Photo by Lance Yamamoto

The Hive, the hip, new cluster of retail, offices, and apartments in Uptown, has brought vibrancy and community to a long dilapidated block of buildings on Oakland’s historic Broadway Auto Row.

Lines are out the door for the project’s two restaurants, and a third is on the way. Apartments are getting leased rapidly, families are gathering in the central plaza to hear live bands, men are getting sheared at the retro People’s Barber Shop, and entrepreneurs are chasing their dreams at the Impact Hub co-working center. City officials are ecstatic, and real estate insiders are touring admiringly.

What sort of honey did the Signature Development Group pour into The Hive to get so much buzz, and does it portent similar developments on Oakland’s horizon as the city braces for an onslaught of growth?

Some of the magic at The Hive comes from the unique mix of old and new architecture and its provision of communal space. But Signature Development President Mike Ghielmetti said the secret sauce was recruiting local entrepreneurs to be tenants. He believes that they are largely responsible for creating something as cool as Oakland itself.

“In real estate circles, people talk a lot about placemaking,” Ghielmetti said. “I think people make places. The entrepreneurs, the customers, the residents make the flavor. We don’t think that we did it. We think that we were a part of it.”

At The Hive, 104 apartments—the first 33 of which were mostly snapped up after a Sept. 8 grand opening—will provide the financial buffer that Ghielmetti said allows Signature to be forgiving on rents to local small businesses. Monthly rents range from $2,129 per month to $4,500 for a three-bedroom.

Tenants include Drake’s Dealership, a new beer and pizza garden; Calavera, a Oaxacan-inspired Mexican restaurant; the headquarters for East Oakland-born Numi Organic Tea; and Firebrand Artisan Breads, which at press time was scheduled in October to open a bread, pastry, and sandwich shop.

Drake’s, owned by the San Leandro brewery of the same name, built a spectacular brick-walled, open-?air seating area by removing the roof of an old Dodge service building while leaving the old iron trellising in place.
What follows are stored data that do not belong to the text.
(* Modulo ['X^M], [egf b m] and [hgf M (- b) m] are inverse to each other. *)
Lemma coef_egf_mul M a b n m r : (r < M)%N ->
  (egf a n)`_r =
  \sum_(j < r.+1) (egf a n * egf b m)`_j * (hgf M (fun y => - b y) m)`_(r - j).
Proof. by move=> rM; rewrite -coefM -mulrA egf_mul_hgfN coef_mul_prod_1addZXn. Qed.

Lemma coef_hgf_mul M a b n m r : (r < M)%N ->
  (hgf M a n)`_r =
  \sum_(j < r.+1) (hgf M a n * hgf M b m)`_j * (egf (fun y => - b y) m)`_(r - j).
Proof. by move=> rM; rewrite -coefM -mulrA hgf_mul_egfN coef_mul_prod_1addZXn. Qed.

End GeneratingPolynomials.

Section ParityIdentities.
Variable R : comNzRingType.
Variable a : nat -> R.
Hypothesis a0 : a 0%N = 0.

Lemma esym_odd r N :
  esym (fun n => a n.*2.-1) r N.+1 =
  \sum_(0 <= j < r.+1)
    (-1) ^+ (r - j) * esym a j N.*2.+1 * hsym (fun n => a n.*2) (r - j) N.+1.
Proof.
rewrite -coef_egf (@coef_egf_mul _ r.+1 _ (fun n => a n.*2) _ N.+1) // big_mkord.
have -> : egf (fun n => a n.*2.-1) N.+1 * egf (fun n => a n.*2) N.+1 = egf a N.*2.+1.
  by rewrite /egf [RHS](@prod_split_parity _ (fun m => 1 + a m *: 'X)) // a0 scale0r addr0.
apply: eq_bigr => j _; rewrite coef_egf coef_hgf ?ltnS ?leq_subr //.
by rewrite hsymN mulrCA mulrA.
Qed.

Lemma hsym_odd r N :
  hsym (fun n => a n.*2.-1) r N.+1 =
  \sum_(0 <= j < r.+1)
    (-1) ^+ (r - j) * esym (fun n => a n.*2) (r - j) N.+1 * hsym a j N.*2.+1.
Proof.
rewrite -(@coef_hgf _ r.+1) // (@coef_hgf_mul _ r.+1 _ (fun n => a n.*2) _ N.+1) // big_mkord.
have -> : hgf r.+1 (fun n => a n.*2.-1) N.+1 * hgf r.+1 (fun n => a n.*2) N.+1 =
          hgf r.+1 a N.*2.+1.
  rewrite /hgf [RHS](@prod_split_parity _ (fun m => \sum_(i < r.+1) (a m *: 'X) ^+ i)) //.
  by rewrite a0 scale0r big_ord_recl expr0 big1 ?addr0 // => i _; rewrite expr0n.
by apply: eq_bigr => j _; rewrite coef_hgf // coef_egf esymN mulrC.
Qed.

End ParityIdentities.

Section NonnegativeWeights.
Variable R : realType.
Variables (a : nat -> R) (B : R).
Hypothesis a_ge0 : forall n, 0 <= a n.
Hypothesis sum_a_le : forall n, \sum_(0 <= y < n) a y <= B.

Lemma sum_mul_le (g : nat -> R) (C : R) n : (forall y, 0 <= g y <= C) ->
  \sum_(0 <= y < n) a y * g y <= B * C.
Proof.
move=> gC; apply: le_trans (_ : \sum_(0 <= y < n) a y * C <= _).
  by apply: ler_sum => y _; have /andP[_ ?] := gC y; apply: ler_wpM2l.
by have /andP[g0 g0C] := gC 0%N; rewrite -mulr_suml ler_wpM2r ?(le_trans g0).
Qed.

Lemma esym_ge0 r n : 0 <= esym a r n.
Proof.
elim: r n => [|r IHr] n /=; first exact: ler01.
by apply: sumr_ge0 => y _; apply: mulr_ge0.
Qed.

Lemma hsym_ge0 r n : 0 <= hsym a r n.
Proof.
elim: r n => [|r IHr] n /=; first exact: ler01.
by apply: sumr_ge0 => y _; apply: mulr_ge0.
Qed.

Lemma esym_le r n : esym a r n <= B ^+ r.
Proof.
elim: r n => [|r IHr] n /=; first by rewrite expr0.
by rewrite exprS; apply: sum_mul_le => y; rewrite esym_ge0 IHr.
Qed.

Lemma hsym_le r n : hsym a r n <= B ^+ r.
Proof.
elim: r n => [|r IHr] n /=; first by rewrite expr0.
by rewrite exprS; apply: sum_mul_le => y; rewrite hsym_ge0 IHr.
Qed.

Lemma cvgn_esym r : cvgn (esym a r).
Proof.
apply: nondecreasing_is_cvgn; last by exists (B ^+ r) => _ [n _ <-]; apply: esym_le.
apply/nondecreasing_seqP => n; case: r => [|r] //=.
by rewrite big_nat_recr //= lerDl mulr_ge0 ?esym_ge0.
Qed.

Lemma cvgn_hsym r : cvgn (hsym a r).
Proof.
apply: nondecreasing_is_cvgn; last by exists (B ^+ r) => _ [n _ <-]; apply: hsym_le.
apply/nondecreasing_seqP => n; case: r => [|r] //=.
by rewrite big_nat_recr //= lerDl mulr_ge0 ?hsym_ge0.
Qed.

End NonnegativeWeights.

Section TruncatedSums.
Variables (R : realType) (s : R).
Hypothesis s_neq0 : s != 0.
Let c (n : nat) : R := n%:R `^ (- s).

Let c0 : c 0%N = 0.
Proof. by rewrite /c powR0 // oppr_eq0. Qed.

Lemma trunc_sum_strict_esym f r N : f 0%N = 0%N ->
  trunc_sum strict_chain f r s N = esym (fun n => c (f n)) r N.+1.
Proof.
move=> f0; rewrite -(@bounded_chain_sum_ltn _ _ _ N) /= ?f0 //.
apply: eq_bigl => t; rewrite [X in _ && X](_ : _ = true) ?andbT //.
by apply/forallP => i; exact: ltn_ord.
Qed.

Lemma trunc_sum_weak_hsym f r N : f 0%N = 0%N ->
  trunc_sum weak_chain f r s N = hsym (fun n => c (f n)) r N.+1.
Proof.
move=> f0; rewrite -(@bounded_chain_sum_leq _ _ _ N) /= ?f0 //.
apply: eq_bigl => t; rewrite [X in _ && X](_ : _ = true) ?andbT //.
by apply/forallP => i; rewrite -ltnS; exact: ltn_ord.
Qed.

Let c_double : (fun n => c n.*2) = (fun n => 2 `^ (- s) * c n).
Proof. by apply: funext => n; rewrite /c -muln2 natrM mulrC powRM. Qed.

Let expr_powRN k : (2 `^ (- s)) ^+ k = (2 `^ (k%:R * s))^-1.
Proof. by rewrite -powR_mulrn ?powR_ge0 // -powRrM mulNr mulrC powRN. Qed.

Lemma trunc_t_r_expansion r N :
  trunc_sum strict_chain (fun n => n.*2.-1) r s N =
  \sum_(0 <= j < r.+1) (-1) ^+ (r - j) / 2 `^ ((r - j)%:R * s) *
    trunc_sum strict_chain id j s N.*2 * trunc_sum weak_chain id (r - j) s N.
Proof.
rewrite trunc_sum_strict_esym // (@esym_odd _ c) //; apply: eq_bigr => j _.
rewrite trunc_sum_strict_esym // trunc_sum_weak_hsym //.
by rewrite c_double hsymZ expr_powRN /=; ring.
Qed.

Lemma trunc_t_star_r_expansion r N :
  trunc_sum weak_chain (fun n => n.*2.-1) r s N =
  \sum_(0 <= j < r.+1) (-1) ^+ (r - j) / 2 `^ ((r - j)%:R * s) *
    trunc_sum strict_chain id (r - j) s N * trunc_sum weak_chain id j s N.*2.
Proof.
rewrite trunc_sum_weak_hsym // (@hsym_odd _ c) //; apply: eq_bigr => j _.
rewrite trunc_sum_strict_esym // trunc_sum_weak_hsym //.
by rewrite c_double esymZ expr_powRN /=; ring.
Qed.

End TruncatedSums.

Section ZetaConvergence.
Variables (R : realType) (s : R).
Hypothesis s_gt1 : 1 < s.
Let c (n : nat) : R := n%:R `^ (- s).
Local Notation q := (2 * 2 `^ (- s)).

Let s_neq0 : s != 0.
Proof. by rewrite gt_eqF // (lt_trans ltr01). Qed.

Let q_gt0 : 0 < q.
Proof. by rewrite mulr_gt0 ?powR_gt0. Qed.

Let q_lt1 : q < 1.
Proof.
have s1_gt0 : 0 < s - 1 by rewrite subr_gt0.
have : 1 `^ (s - 1) < 2 `^ (s - 1) by rewrite gt0_ltr_powR ?nnegrE ?ler01 ?ler0n ?ltr1n.
rewrite powR1 /= powRN -(mulr_powRB1 (x := 2) (p := s)) ?ler0n ?(lt_trans ltr01) //.
by rewrite invfM mulrA divff ?pnatr_eq0 // mul1r invf_lt1 // (lt_trans ltr01).
Qed.

Let c_antitone y z : (0 < y)%N -> (y <= z)%N -> c z <= c y.
Proof.
move=> y_gt0 yz; rewrite /c !powRN lef_pV2 ?posrE ?powR_gt0 ?ltr0n ?(leq_trans y_gt0) //.
by rewrite ge0_ler_powR ?nnegrE ?ler0n ?ler_nat // ltW // (lt_trans ltr01).
Qed.

Let c_exp2 k : c (2 ^ k) = (2 `^ (- s)) ^+ k.
Proof. by rewrite /c natrX -powR_mulrn ?ler0n // powRAC powR_mulrn // powR_ge0. Qed.

(* Cauchy condensation: the terms with 2^k <= y < 2^(k+1) add up to at most q^k. *)
Lemma sum_exp2_powRN_le K : \sum_(0 <= y < 2 ^ K) c y <= \sum_(0 <= k < K) q ^+ k.
Proof.
elim: K => [|K IHK].
  by rewrite expn0 big_nat1 big_geq // /c powR0 // oppr_eq0.
rewrite (@big_cat_nat _ _ _ (2 ^ K)) ?leq_pexp2l //= big_nat_recr //=; apply: lerD => //.
apply: le_trans (_ : \sum_(2 ^ K <= y < 2 ^ K.+1) c (2 ^ K) <= _).
  by apply: ler_sum_nat => y /andP[Ky _]; apply: c_antitone; rewrite ?expn_gt0.
by rewrite sumr_const_nat c_exp2 expnS mul2n -addnn addnK -[leLHS]mulr_natl natrX -exprMn.
Qed.

Lemma sum_powRN_le n : \sum_(0 <= y < n) c y <= (1 - q)^-1.
Proof.
apply: le_trans (_ : \sum_(0 <= y < 2 ^ n) c y <= _).
  have n_le : (n <= 2 ^ n)%N by apply/ltnW/ltn_expl.
  rewrite [leRHS](@big_cat_nat _ _ _ n) // lerDl.
  by apply: sumr_ge0 => y _; apply: powR_ge0.
apply: le_trans (sum_exp2_powRN_le n) _.
have := @geometric_le_lim _ n 1 q ler01 q_gt0; rewrite gtr0_norm // => /(_ q_lt1).
by rewrite seriesEnat mul1r /=; under eq_bigr do rewrite mul1r.
Qed.

Lemma cvg_trunc_zeta_r r : trunc_sum strict_chain id r s @ \oo --> zeta_r r s.
Proof.
apply: (cvgP (limn (esym c r))).
have -> : trunc_sum strict_chain id r s = [sequence esym c r n.+1]_n.
  by apply/funext => N; exact: trunc_sum_strict_esym.
by rewrite cvg_shiftS; apply: (cvgn_esym _ sum_powRN_le) => n; apply: powR_ge0.
Qed.

Lemma cvg_trunc_zeta_star_r r : trunc_sum weak_chain id r s @ \oo --> zeta_star_r r s.
Proof.
apply: (cvgP (limn (hsym c r))).
have -> : trunc_sum weak_chain id r s = [sequence hsym c r n.+1]_n.
  by apply/funext => N; exact: trunc_sum_weak_hsym.
by rewrite cvg_shiftS; apply: (cvgn_hsym _ sum_powRN_le) => n; apply: powR_ge0.
Qed.

End ZetaConvergence.

Lemma cvg_comp_double (T : topologicalType) (u : nat -> T) (l : T) :
  u @ \oo --> l -> (fun N => u N.*2) @ \oo --> l.
Proof.
apply: cvg_comp; apply/cvgnyPge => A; near=> N.
by rewrite -addnn (leq_trans _ (leq_addr _ _)) //; near: N; apply: nbhs_infty_ge.
Unshelve. all: end_near.
Qed.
With adirondack chairs surrounding magnolia trees, it has indoor and outdoor seating for more than 430 people and has proven extremely popular.

Soon artist and entrepreneur Keba Konte’s Red Bay Coffee roasting company, from East Oakland, will open a retail store in a converted shipping container on the plaza.

One likely customer will be Phuong Doan, a beverage salesman who lives near Lake Merritt and first came to the People’s Barber Shop several months ago after seeing an advertisement on Facebook. He has returned repeatedly for haircuts and to eat at Calavera and Drake’s, including one summery evening when both restaurants were serving customers on the plaza while a band played music.

“I think it’s great for Oakland,” Doan said. “It’s the place to come to.”

Firebrand founder Colleen Orlando said there is already strong sense of community among the business owners, and Ghielmetti has been very supportive of her move from Emeryville.

“I often imagine what it would be like if we were to go this totally alone; it’s a really special environment,” said Orlando, a young woman with tattooed arms who runs Firebrand with co-owner and partner Matt Kreutz, a modern entrepreneur with tattoos of his own, big rings in his ear?lobes, and a half?-hoop in his septum.

Previously, Firebrand was a wholesale-only business that had a strong reputation for its distinctive breads. Now it will have its bakery and a retail outlet a mere four blocks away from the giant former Sears building that Uber Technologies just purchased for a major East Bay outpost.

To get Firebrand, Signature worked closely with Inner City Advisors, an Oakland-based nonprofit that helps small businesses grow and which also became a Hive tenant.

“Mike’s really gone above and beyond; that is probably the untold story here about The Hive,” said Sean Daniel Murphy, interim CEO of Inner City Advisors, which has invested $1.2 million into Firebrand and two other Hive tenants through its venture arm (in addition to providing hundreds of thousands of dollars in pro-bono advisory services). ICA also backed Impact Hub, which supports businesses aiming to create social and environmental change, and Red Bay Coffee.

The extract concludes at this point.